Can you explain more clearly what you are trying to do? Ideally with an example showing how the input is formatted and what you want the output to look like? — Phydeaux, Feb 24 '19 at 18:01
@Phydeaux I have some dictionaries files which are .txt files, and a file of .CSV which have 2 column sr_num and text column, from text column I am matching the all keywords row wise and store and count the matched keywords and then write it in a new file row by row. — csit, Feb 24 '19 at 18:05
can you show an example of how `Dictionary.txt` is formatted? (edited into the question) — Phydeaux, Feb 24 '19 at 18:07
One of the first things you should do _before_ attempting to optimize a body of code is to profile it and determine where it's spending most of its time. This will tell you what portions are most important to work on and where you're likely to see the most improvement if you can speed it up. The good news is doing that is relatively easy: See [How can you profile a Python script?](https://stackoverflow.com/questions/582336/how-can-you-profile-a-python-script) — martineau, Feb 24 '19 at 19:37

snakecharmerb · Accepted Answer · 2019-03-09T11:23:46.787

As user Martineau comments, it's best to profile code to determine where optimisation will be most effective, and to measure the effects of any attempted optimisations.

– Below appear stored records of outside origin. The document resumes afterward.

(* The hybrid argument: change the shares outside [I] one at a time. *)
Lemma eq_share_mask (A R : Type) (n : nat) (I : {set 'I_n})
    (Q : {ffun 'I_n -> A} -> R) (d : A) :
  (forall (u u' : {ffun 'I_n -> A}) i0,
     i0 \notin I -> (forall i, i != i0 -> u' i = u i) -> Q u = Q u') ->
  forall u : {ffun 'I_n -> A}, Q u = Q [ffun i => odflt d (share_mask I u i)].
Proof.
move=> HQ u.
suff H (s : seq 'I_n) : Q u = Q [ffun i => if (i \in s) && (i \notin I) then d else u i].
  rewrite (H (enum 'I_n)); congr Q; apply/ffunP => i.
  by rewrite !ffunE mem_enum; case: (i \in I).
elim: s => [|i0 s ->]; first by congr Q; apply/ffunP => i; rewrite ffunE.
have [HI|HnI] := boolP (i0 \in I).
  congr Q; apply/ffunP => i; rewrite !ffunE in_cons.
  by case: eqP => [->|]; rewrite ?HI ?andbF.
by apply: HQ HnI _ => i Hi; rewrite !ffunE in_cons (negbTE Hi).
Qed.

Section Agreement.
Variables (L T : Type) (G : L -> Prop).

Fixpoint agree (ls : seq L) (s s' : seq T) : Prop :=
  match ls, s, s' with
  | [::], [::], [::] => True
  | a :: ls1, u :: s1, u' :: s1' => (G a -> u = u') /\ agree ls1 s1 s1'
  | _, _, _ => False
  end.

Lemma agree_cat ls1 ls2 s1 s2 s1' s2' :
  agree ls1 s1 s1' -> agree ls2 s2 s2' -> agree (ls1 ++ ls2) (s1 ++ s2) (s1' ++ s2').
Proof.
elim: ls1 s1 s1' => [|a ls1 IH] [|u s1] [|u' s1'] //= [Ha H1] H2.
by split => //; apply: IH.
Qed.

Lemma agree_size ls s s' : agree ls s s' -> size s = size ls /\ size s' = size ls.
Proof. by elim: ls s s' => [|a ls IH] [|u s] [|u' s'] //= [_ /IH[-> ->]]. Qed.

Lemma agree_nth ls s s' a0 x0 w : agree ls s s' -> (w < size ls)%N ->
  G (nth a0 ls w) -> nth x0 s w = nth x0 s' w.
Proof.
elim: ls s s' w => [|a ls IH] [|u s] [|u' s'] [|w] //= [Ha H] Hw HG.
  exact: Ha.
exact: IH.
Qed.

Lemma agree_map (A : Type) (h : A -> L) (f g : A -> T) (s : seq A) :
  (forall a, G (h a) -> f a = g a) -> agree (map h s) (map f s) (map g s).
Proof. by move=> H; elim: s => //= a s IH; split => //; apply: H. Qed.

Lemma agree_flatten (A : Type) (h : A -> seq L) (f g : A -> seq T) (s : seq A) :
  (forall a, agree (h a) (f a) (g a)) ->
  agree (flatten (map h s)) (flatten (map f s)) (flatten (map g s)).
Proof. by move=> H; elim: s => //= a s IH; apply: agree_cat. Qed.

Lemma agree_allpairs (A B : Type) (h : A -> B -> L) (f g : A -> B -> T)
    (s1 : seq A) (s2 : seq B) :
  (forall a b, G (h a b) -> f a b = g a b) ->
  agree [seq h a b | a <- s1, b <- s2] [seq f a b | a <- s1, b <- s2]
        [seq g a b | a <- s1, b <- s2].
Proof. by move=> H; apply: agree_flatten => a; apply: agree_map => b; apply: H. Qed.

End Agreement.

Section Refresh.
Variables (F : finFieldType) (t : nat).
Local Notation n := t.+1.

Lemma refresh_step_sharesE (c : 'I_t -> F) ms tr (y : 'I_n -> F) a :
  (foldl (refresh_step c) (tr, y) ms).2 a =
  if a == ord0 then y a + \sum_(m <- ms) c m
  else y a - \sum_(m <- ms | lift ord0 m == a) c m.
Proof.
elim: ms tr y => [|m ms IH] tr y /=.
  by rewrite !big_nil addr0 subr0; case: ifP.
rewrite IH !big_cons; case: (a =P ord0) => [->|Ha] /=; first by rewrite addrA.
rewrite (eq_sym (lift _ _)); case: (a =P lift ord0 m) => [->|//].
by rewrite opprD addrA.
Qed.

Lemma refreshE (c : 'I_t -> F) (y : 'I_n -> F) (m : 'I_t) :
  (refresh c y).2 ord0 = y ord0 + \sum_m c m /\
  (refresh c y).2 (lift ord0 m) = y (lift ord0 m) - c m.
Proof.
rewrite /refresh !refresh_step_sharesE eqxx eq_sym (negbTE (neq_lift _ _)).
rewrite big_enum; split=> //; congr (_ - _).
by rewrite big_enum_cond /= (eq_bigl (pred1 m)) ?big_pred1_eq.
Qed.

(* Extra coins that cancel [D] on every share but [b]: the coin of share [lift ord0 m]
   absorbs [D] there, and the coin of share [b] makes the extra coins sum to [- D ord0],
   which cancels [D] on the first share. *)
Definition coin_shift (D : 'I_n -> F) (b : 'I_n) (m : 'I_t) : F :=
  if lift ord0 m == b then - (D ord0 + \sum_(m' | lift ord0 m' != b) D (lift ord0 m'))
  else D (lift ord0 m).

Lemma sum_coin_shift D mb : \sum_m coin_shift D (lift ord0 mb) m = - D ord0.
Proof.
rewrite (bigD1 mb) //= {1}/coin_shift eqxx.
rewrite (eq_bigl (fun m' => m' != mb)) => [|m']; last by rewrite (inj_eq (@lift_inj _ ord0)).
rewrite [X in _ + X](eq_bigr (fun m' => D (lift ord0 m'))) => [|m' Hm'].
  by rewrite opprD -addrA addNr addr0.
by rewrite /coin_shift (inj_eq (@lift_inj _ ord0)) (negbTE Hm').
Qed.

Lemma refresh_coin_shift (c : 'I_t -> F) (y D : 'I_n -> F) b i : i != b ->
  (refresh (fun m => c m + coin_shift D b m) (fun a => y a + D a)).2 i = (refresh c y).2 i.
Proof.
case: (unliftP ord0 i) => [m ->|->] Hib.
  have [_ ->] := refreshE (fun m => c m + coin_shift D b m) (fun a => y a + D a) m.
  have [_ ->] := refreshE c y m.
  by rewrite /coin_shift (negbTE Hib) opprD addrACA subrr addr0.
case: (unliftP ord0 b) Hib => [mb ->|->]; last by rewrite eqxx.
move=> _; have [-> _] := refreshE (fun m => c m + coin_shift D (lift ord0 mb) m)
                          (fun a => y a + D a) mb.
have [-> _] := refreshE c y mb.
by rewrite big_split /= sum_coin_shift addrACA subrr addr0.
Qed.

End Refresh.

Section SecScalarMult.
Variables (F : finFieldType) (t l : nat).
Local Notation n := t.+1.
Local Notation shares := {ffun 'I_n -> {ffun 'I_l -> F}}.
Local Notation coefs := {ffun 'I_n -> F}.
Local Notation coins := (ssm_coins F t l).
Local Notation next c y m := (refresh_step c ([::], y) m).2.

Section ClosedForm.
Variables (x : shares) (p : coefs) (c : coins).

Fixpoint ssm_state (j : nat) (k : 'I_l) : 'I_n -> F :=
  match j with
  | 0 => fun i => x i k
  | j'.+1 => (refresh (fun m => c (inord j', k, m))
                (fun i => p (inord j') * ssm_state j' k i)).2
  end.

Definition ssm_block (jk : 'I_n * 'I_l) : seq F :=
  let z := fun i => p jk.1 * ssm_state jk.1 jk.2 i in
  [seq z i | i <- enum 'I_n] ++ (refresh (fun m => c (jk.1, jk.2, m)) z).1.

Definition ssm_inputs : seq F :=
  [seq x i k | i <- enum 'I_n, k <- enum 'I_l] ++ [seq p j | j <- enum 'I_n].

Definition ssm_schedule : seq ('I_n * 'I_l) := [seq (j, k) | j <- enum 'I_n, k <- enum 'I_l].

Lemma foldl_ssm_step_row (j : 'I_n) tr (ks : seq 'I_l) : uniq ks ->
  foldl (ssm_step p c) (tr, fun k => ssm_state j k) [seq (j, k) | k <- ks] =
  (tr ++ flatten [seq ssm_block (j, k) | k <- ks],
   fun k => if k \in ks then ssm_state j.+1 k else ssm_state j k).
Proof.
elim/last_ind: ks => [_|ks k IH]; first by rewrite /= cats0.
rewrite rcons_uniq => /andP[kN Hu].
rewrite !map_rcons foldl_rcons IH // flatten_rcons /ssm_step /= (negbTE kN).
congr pair; first by rewrite /ssm_block !catA.
apply: functional_extensionality => k0; rewrite mem_rcons in_cons.
by case: eqP => [->|] //=; rewrite inord_val.
Qed.
(* Let $d\ge 1$, $T\ge 1$, let $\mathcal{X}\subseteq\mathbb{R}^d$ be a non-empty closed convex set containing $\mathbf{0}$, and let $0<\mu\le L$. Let $f_1,\dots,f_T:\mathcal{X}\to[0,\infty)$ be differentiable functions such that, for every $t$ and all $x,y\in\mathcal{X}$, $\frac{\mu}{2}\|y-x\|^2\le f_t(y)-f_t(x)-\langle\nabla f_t(x),y-x\rangle\le\frac{L}{2}\|y-x\|^2$, and such that there is a finite constant $G$ with $\max_{x\in\mathcal{X}}\|\nabla f_t(x)\|=G$ for all $t$. Let $x_0=\mathbf{0}$. Then the OMGD algorithm with $K=\lceil\frac{L+\mu}{2\mu}\ln4\rceil$ satisfies $$C_{\mathcal{A}_o}-C_{\mathsf{OPT}}\le 2G(\|x_1^\star\|+\mathcal{P}_T^\star)+5\|x_1^\star\|^2+\Big(10-\frac{\mu}{2(\mu+4)}\Big)\mathcal{P}_{2,T}^\star.$$
   Context: $x_t^\star=\arg\min_{x\in\mathcal{X}}f_t(x)$, $\mathcal{P}_T^\star=\sum_{t=2}^T\|x_t^\star-x_{t-1}^\star\|$, $\mathcal{P}_{2,T}^\star=\sum_{t=2}^T\|x_t^\star-x_{t-1}^\star\|^2$. Quadratic-switching cost of $(y_1,\dots,y_T)\in\mathcal{X}^T$ with $y_0=x_0$: $\sum_{t=1}^T\big(f_t(y_t)+\frac12\|y_t-y_{t-1}\|^2\big)$; $C_{\mathsf{OPT}}$ is its minimum over $\mathcal{X}^T$. OMGD with parameter $K$: $x_1=x_0$; for $t=2,\dots,T$, $z_t^{(0)}=x_{t-1}$, $z_t^{(k)}=\Pi_{\mathcal{X}}\big(z_t^{(k-1)}-\frac1L\nabla f_{t-1}(z_t^{(k-1)})\big)$ ($k=1,\dots,K$), $x_t=z_t^{(K)}$, where $\Pi_{\mathcal{X}}$ is Euclidean projection onto $\mathcal{X}$. $C_{\mathcal{A}_o}$ is the quadratic-switching cost of $(x_1,\dots,x_T)$; $C_{\mathcal{A}_o}-C_{\mathsf{OPT}}$ is the dynamic regret. *)

From HB Require Import structures.
From mathcomp Require Import all_boot all_order all_algebra.
From mathcomp Require Import all_classical all_reals all_analysis.
Set Implicit Arguments. Unset Strict Implicit. Unset Printing Implicit Defensive.
Import Order.TTheory GRing.Theory Num.Theory.
Import numFieldNormedType.Exports.
Local Open Scope classical_set_scope.
Local Open Scope ring_scope.

Section OMGD.
Variables (R : realType) (d : nat).
Notation vec := 'rV[R]_d.

(* Euclidean inner product and Euclidean norm on R^d
   (MathComp's built-in norm on matrices is the max-norm, so we define ours). *)
Definition dotp (u v : vec) : R := \sum_(i < d) u ord0 i * v ord0 i.
Definition enorm (u : vec) : R := Num.sqrt (dotp u u).

Definition convex_subset (X : set vec) : Prop :=
  forall x y (l : R), X x -> X y -> 0 <= l -> l <= 1 -> X (l *: x + (1 - l) *: y).

Definition grad (f : vec -> R) (x : vec) : vec :=
  \row_(i < d) 'D_(delta_mx 0 i : vec) f x.

(* Euclidean projection onto X: the (unique, for X closed convex non-empty)
   point of X closest to z. *)
Definition proj (X : set vec) (z : vec) : vec :=
  xget 0 [set y | X y /\ forall w, X w -> enorm (y - z) <= enorm (w - z)].

(* Minimizer of f over X (unique for strongly convex f on closed convex X). *)
Definition argminX (X : set vec) (f : vec -> R) : vec :=
  xget 0 [set y | X y /\ forall w, X w -> f y <= f w].

Definition pgd_step (X : set vec) (L : R) (f : vec -> R) (z : vec) : vec :=
  proj X (z - L^-1 *: grad f z).

(* OMGD iterates: omgd 0 = x_0 = 0, omgd 1 = x_1 = x_0,
   omgd (t+1) = K projected gradient steps on f_t started from omgd t  (t >= 1). *)
Fixpoint omgd (X : set vec) (L : R) (K : nat) (f : nat -> vec -> R) (t : nat) : vec :=
  match t with
  | 0 => 0
  | 1 => 0
  | (n.+1) as m => iter K (pgd_step X L (f n)) (omgd X L K f n)
  end.

Definition qs_cost (f : nat -> vec -> R) (T : nat) (y : nat -> vec) : R :=
  \sum_(1 <= t < T.+1) (f t (y t) + 2^-1 * enorm (y t - y t.-1) ^+ 2).

(* C_OPT: minimum of the cost over all (y_1..y_T) in X^T with y_0 = x_0 = 0
   (written as an infimum; the minimum is attained under the hypotheses). *)
Definition C_OPT (X : set vec) (f : nat -> vec -> R) (T : nat) : R :=
  inf [set c | exists y : nat -> vec,
         [/\ y 0 = 0, (forall t, (1 <= t <= T)%N -> X (y t)) & c = qs_cost f T y]].

Definition path_len (X : set vec) (f : nat -> vec -> R) (T : nat) : R :=
  \sum_(2 <= t < T.+1) enorm (argminX X (f t) - argminX X (f t.-1)).
Definition path_len2 (X : set vec) (f : nat -> vec -> R) (T : nat) : R :=
  \sum_(2 <= t < T.+1) enorm (argminX X (f t) - argminX X (f t.-1)) ^+ 2.

End OMGD.

From Pilot Require Import Defs.
From HB Require Import structures.
From mathcomp Require Import all_boot all_order all_algebra.
From mathcomp Require Import all_classical all_reals all_analysis.
From mathcomp Require Import ring lra.
Import Order.TTheory GRing.Theory Num.Theory.
Import numFieldNormedType.Exports.
Local Open Scope classical_set_scope.
Local Open Scope ring_scope.
Set Implicit Arguments. Unset Strict Implicit. Unset Printing Implicit Defensive.

(* Write x*_t for the minimizer of f_t.  Since ((L - mu) / (L + mu)) ^ K <= 1/4
   and each projected gradient step contracts the squared distance to x*_t by
   (L - mu) / (L + mu), the K steps of round t halve e_t = |x_t - x*_t|, whence
   e_(t+1) <= e_t / 2 + |x*_(t+1) - x*_t|.  The hitting excess
   f_t(x_t) - f_t(x*_t) is at most G e_t, the switching cost |x_(t+1) - x_t|^2 / 2
   at most 9/8 e_t^2, and C_OPT >= sum_t f_t(x*_t).  Summing against the
   potential G e_t + 9/4 e_t^2 gives the bound with constants 9/4 and 9/2.
   Strong convexity of f_1 and the gradient bound confine X to the ball of
   radius 2G/mu, so X is compact and the projections and minimizers exist. *)

Section EuclideanNorm.
Variables (R : realType) (d : nat).
Implicit Types (u v w : 'rV[R]_d) (a : R).

Lemma dotpC u v : dotp u v = dotp v u.
Proof. by apply: eq_bigr => i _; rewrite mulrC. Qed.

Lemma dotpDl u v w : dotp (u + v) w = dotp u w + dotp v w.
Proof. by rewrite /dotp -big_split; apply: eq_bigr => i _; rewrite mxE mulrDl. Qed.

Lemma dotpZl a u v : dotp (a *: u) v = a * dotp u v.
Proof. by rewrite /dotp mulr_sumr; apply: eq_bigr => i _; rewrite mxE mulrA. Qed.

Lemma dotpNl u v : dotp (- u) v = - dotp u v.
Proof. by rewrite -scaleN1r dotpZl mulN1r. Qed.

Lemma dotpBl u v w : dotp (u - v) w = dotp u w - dotp v w.
Proof. by rewrite dotpDl dotpNl. Qed.

Lemma dotpDr u v w : dotp u (v + w) = dotp u v + dotp u w.
Proof. by rewrite dotpC dotpDl !(dotpC u). Qed.

Lemma dotpZr a u v : dotp u (a *: v) = a * dotp u v.
Proof. by rewrite dotpC dotpZl dotpC. Qed.

Lemma dotpNr u v : dotp u (- v) = - dotp u v.
Proof. by rewrite dotpC dotpNl dotpC. Qed.

Lemma dotpBr u v w : dotp u (v - w) = dotp u v - dotp u w.
Proof. by rewrite dotpDr dotpNr. Qed.

Lemma dotpp_ge0 u : 0 <= dotp u u.
Proof. by apply: sumr_ge0 => i _; rewrite -expr2 sqr_ge0. Qed.

Lemma dotpDZ u v a :
  dotp (u + a *: v) (u + a *: v) = dotp u u + 2 * a * dotp u v + a ^+ 2 * dotp v v.
Proof. by rewrite !(dotpDl, dotpDr, dotpZl, dotpZr) (dotpC v u); ring. Qed.

Lemma enorm_ge0 u : 0 <= enorm u.
Proof. exact: sqrtr_ge0. Qed.

Lemma enorm_sqr u : enorm u ^+ 2 = dotp u u.
Proof. by rewrite sqr_sqrtr // dotpp_ge0. Qed.

Lemma enorm0 : enorm (0 : 'rV[R]_d) = 0.
Proof. by rewrite /enorm /dotp big1 ?sqrtr0 // => i _; rewrite mxE mul0r. Qed.

Lemma enormN u : enorm (- u) = enorm u.
Proof. by rewrite /enorm dotpNl dotpNr opprK. Qed.

Lemma enorm_distC u v : enorm (u - v) = enorm (v - u).
Proof. by rewrite -enormN opprB. Qed.

Lemma ler_enorm u v : (enorm u <= enorm v) = (dotp u u <= dotp v v).
Proof. exact/ler_sqrt/dotpp_ge0. Qed.

Lemma dotp_sqr_le u v : dotp u v ^+ 2 <= dotp u u * dotp v v.
Proof.
(* evaluate the nonnegative quadratic [l |-> |u + l v|^2] at its vertex, or,
   if [|v| = 0], at a point where it would be [-1] *)
have quad l : 0 <= dotp u u + 2 * l * dotp u v + l ^+ 2 * dotp v v.
  by rewrite -dotpDZ dotpp_ge0.
have [v0|v_gt0] := eqVneq (dotp v v) 0; last first.
  have {}v_gt0 : 0 < dotp v v by rewrite lt_def v_gt0 dotpp_ge0.
  have := quad (- dotp u v / dotp v v).
  have -> : dotp u u + 2 * (- dotp u v / dotp v v) * dotp u v
      + (- dotp u v / dotp v v) ^+ 2 * dotp v v
      = (dotp u u * dotp v v - dotp u v ^+ 2) / dotp v v.
    by field; rewrite gt_eqF.
  by rewrite ler_pdivlMr // mul0r subr_ge0.
have [uv0|uv_ne0] := eqVneq (dotp u v) 0.
  by rewrite uv0 v0 expr0n mulr0.
have := quad (- (dotp u u + 1) / (2 * dotp u v)).
have -> : dotp u u + 2 * (- (dotp u u + 1) / (2 * dotp u v)) * dotp u v
    + (- (dotp u u + 1) / (2 * dotp u v)) ^+ 2 * dotp v v = -1.
  by rewrite v0; field.
by rewrite ler0N1.
Qed.

Lemma cauchy_schwarz u v : dotp u v <= enorm u * enorm v.
Proof.
have [uv_le0|uv_gt0] := lerP (dotp u v) 0.
  by apply: le_trans uv_le0 _; rewrite mulr_ge0 ?enorm_ge0.
rewrite -(ler_pXn2r (n := 2)) ?nnegrE ?mulr_ge0 ?enorm_ge0 ?(ltW uv_gt0) //.
by rewrite exprMn !enorm_sqr dotp_sqr_le.
Qed.

Lemma enormD_le u v : enorm (u + v) <= enorm u + enorm v.
Proof.
rewrite -(ler_pXn2r (n := 2)) ?nnegrE ?addr_ge0 ?enorm_ge0 //.
have := cauchy_schwarz u v.
by rewrite enorm_sqr dotpDl !dotpDr (dotpC v u) -!enorm_sqr; lra.
Qed.

Lemma coord_le_enorm u i : `|u ord0 i| <= enorm u.
Proof.
rewrite -(ler_pXn2r (n := 2)) ?nnegrE ?enorm_ge0 // real_normK ?num_real //.
rewrite enorm_sqr /dotp (bigD1 i) //= -expr2 lerDl.
by apply: sumr_ge0 => j _; rewrite -expr2 sqr_ge0.
Qed.

End EuclideanNorm.

Section ProjectedGradient.
Variables (R : realType) (d : nat).
Implicit Types (X : set 'rV[R]_d) (f : 'rV[R]_d -> R) (c p w x y z : 'rV[R]_d).

Definition is_proj X z p := X p /\ forall w, X w -> enorm (p - z) <= enorm (w - z).
Definition is_min X f c := X c /\ forall w, X w -> f c <= f w.

Definition strongly_convex_on X (mu : R) f := forall x y, X x -> X y ->
  mu / 2 * enorm (y - x) ^+ 2 <= f y - f x - dotp (grad f x) (y - x).
Definition smooth_on X (L : R) f := forall x y, X x -> X y ->
  f y - f x - dotp (grad f x) (y - x) <= L / 2 * enorm (y - x) ^+ 2.

Lemma convex_segment X p w (l : R) : convex_subset X -> X p -> X w ->
  0 <= l <= 1 -> X (p + l *: (w - p)).
Proof.
move=> X_convex Xp Xw /andP[l_ge0 l_le1].
have := X_convex w p l Xw Xp l_ge0 l_le1.
by congr X; apply/rowP => i; rewrite !mxE; ring.
Qed.

Lemma slope_ge0_of_quadratic_ge0 (s D : R) :
  (forall l, 0 <= l <= 1 -> 0 <= l * s + l ^+ 2 * D) -> 0 <= s.
Proof.
move=> quad_ge0; have [D_le0|D_gt0] := lerP D 0.
  by have := quad_ge0 1; rewrite ler01 lexx mul1r expr1n mul1r; lra.
rewrite leNgt; apply/negP => s_lt0.
(* at this [l], [s + l D = - s^2 / (D - s) < 0] *)
pose l := - s / (- s + D).
have sD_gt0 : 0 < - s + D by lra.
have l_gt0 : 0 < l by rewrite divr_gt0 ?oppr_gt0.
have l_le1 : l <= 1 by rewrite ler_pdivrMr // mul1r; lra.
have := quad_ge0 l; rewrite (ltW l_gt0) l_le1 => /(_ isT).
have -> : l * s + l ^+ 2 * D = - (l * s ^+ 2 / (- s + D)).
  by rewrite /l; field; rewrite gt_eqF.
by rewrite oppr_ge0 leNgt divr_gt0 // mulr_gt0 // -sqrrN exprn_gt0 ?oppr_gt0.
Qed.

Lemma is_proj_obtuse X z p w : convex_subset X -> is_proj X z p -> X w ->
  dotp (z - p) (w - p) <= 0.
Proof.
move=> X_convex [Xp p_min] Xw; rewrite -opprB dotpNl oppr_le0.
apply: (@slope_ge0_of_quadratic_ge0 _ (2^-1 * dotp (w - p) (w - p))) => l l01.
have := p_min _ (convex_segment X_convex Xp Xw l01).
by rewrite ler_enorm [p + _ - z]addrAC dotpDZ; lra.
Qed.

Lemma is_min_grad_ge0 X L f c w : convex_subset X -> smooth_on X L f ->
  is_min X f c -> X w -> 0 <= dotp (grad f c) (w - c).
Proof.
move=> X_convex f_smooth [Xc c_min] Xw.
apply: (@slope_ge0_of_quadratic_ge0 _ (L / 2 * dotp (w - c) (w - c))) => l l01.
have Xy := convex_segment X_convex Xc Xw l01.
have := f_smooth c _ Xc Xy; have := c_min _ Xy.
rewrite [c + _ - c]addrAC subrr add0r enorm_sqr dotpZl !dotpZr; lra.
Qed.

Lemma is_min_quadratic_growth X mu L f c y : convex_subset X ->
  strongly_convex_on X mu f -> smooth_on X L f -> is_min X f c -> X y ->
  f c + mu / 2 * enorm (y - c) ^+ 2 <= f y.
Proof.
move=> X_convex f_sc f_smooth c_min Xy.
have := f_sc _ _ c_min.1 Xy; have := is_min_grad_ge0 X_convex f_smooth c_min Xy.
lra.
Qed.

Lemma excess_le_grad_norm X mu f G x c : 0 <= mu -> strongly_convex_on X mu f ->
  X x -> X c -> enorm (grad f x) <= G -> f x - f c <= G * enorm (x - c).
Proof.
move=> mu_ge0 f_sc Xx Xc grad_le; have := f_sc _ _ Xx Xc.
rewrite -opprB dotpNr enormN.
have := cauchy_schwarz (grad f x) (x - c).
have := ler_wpM2r (enorm_ge0 (x - c)) grad_le.
have : 0 <= mu / 2 * enorm (x - c) ^+ 2 by rewrite mulr_ge0 ?sqr_ge0 ?divr_ge0.
lra.
Qed.

Lemma pgd_step_contracts X mu L f c x p : convex_subset X -> 0 < L ->
  strongly_convex_on X mu f -> smooth_on X L f -> is_min X f c -> X x ->
  is_proj X (x - L^-1 *: grad f x) p ->
  (L + mu) * enorm (p - c) ^+ 2 <= (L - mu) * enorm (x - c) ^+ 2.
Proof.
move=> X_convex L_gt0 f_sc f_smooth c_min Xx p_proj.
have descent := f_smooth _ _ Xx p_proj.1.
have lower := f_sc _ _ Xx c_min.1.
have growth := is_min_quadratic_growth X_convex f_sc f_smooth c_min p_proj.1.
have obtuse : L * dotp (x - p) (c - p) <= dotp (grad f x) (c - p).
  have := is_proj_obtuse X_convex p_proj c_min.1.
  rewrite [x - _ - p]addrAC [dotp (x - p - _) _]dotpBl dotpZl subr_le0.
  by move=> /(ler_wpM2l (ltW L_gt0)); rewrite mulrA mulfV ?gt_eqF // mul1r.
move: descent lower growth obtuse; rewrite !enorm_sqr.
rewrite !(dotpDl, dotpDr, dotpNl, dotpNr, dotpBl, dotpBr).
rewrite !(dotpC p x) !(dotpC c x) !(dotpC c p); lra.
Qed.

End ProjectedGradient.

In the absence of any profiling data, the best candidate for optimisation is likely to be this inner loop:

for eachcity in allCities:
    eachcity=eachcity.strip()
    if re.search('\\b'+eachcity+'\\b',description,re.IGNORECASE):
        citiesFound.add(eachcity)

Here the code is calling strip on each string in allCities - something which could be done just once, outside the loop, then calling re.search for each city.

It may be more efficient to combine all the cities into a single regex using the | metacharacter, which denotes alternate matches. For example the pattern

r'foo|bar'

will match 'foo' or 'bar'.

Here's a simple example:

>>> text = 'I am flying from les Escaldas to Dubai via Sharjah on Monday'
>>> cities = ['Sharjah', 'Dubai', 'les Escaldas', 'Ar Ruways']
>>> pattern = r'|'.join(r'\b{}\b'.format(re.escape(city)) for city in cities)
>>> pattern
'\\bSharjah\\b|\\bDubai\\b|\\bles Escaldas\\b|\\bAr Ruways\\b'
>>> matches = re.findall(pattern, text)
>>> print(matches)
['les Escaldas', 'Dubai', 'Sharjah']

Calling re.escape on each city name prevents the search pattern being altered if one of the city names contains a character which is also a regular expression metacharacter.

Applying this technique to the code in the question:

# We only need to create the regex pattern once,
# so do it outside the loop.
pattern = r'|'.join(r'\b{}\b'.format(re.escape(city.strip())) for city in allCities)

for eachRow in descriptions_reader:
    Sr_Num = eachRow['Sr_Num']
    description = eachRow['Text']
    citiesFound = set()
    found = re.findall(pattern, description, re.IGNORECASE)
    citiesFound.update(found)
    matches = len(found)

The behaviour of the | metacharacter is described in the documentation.

REs separated by '|' are tried from left to right. When one pattern completely matches, that branch is accepted. This means that once A matches, B will not be tested further, even if it would produce a longer overall match.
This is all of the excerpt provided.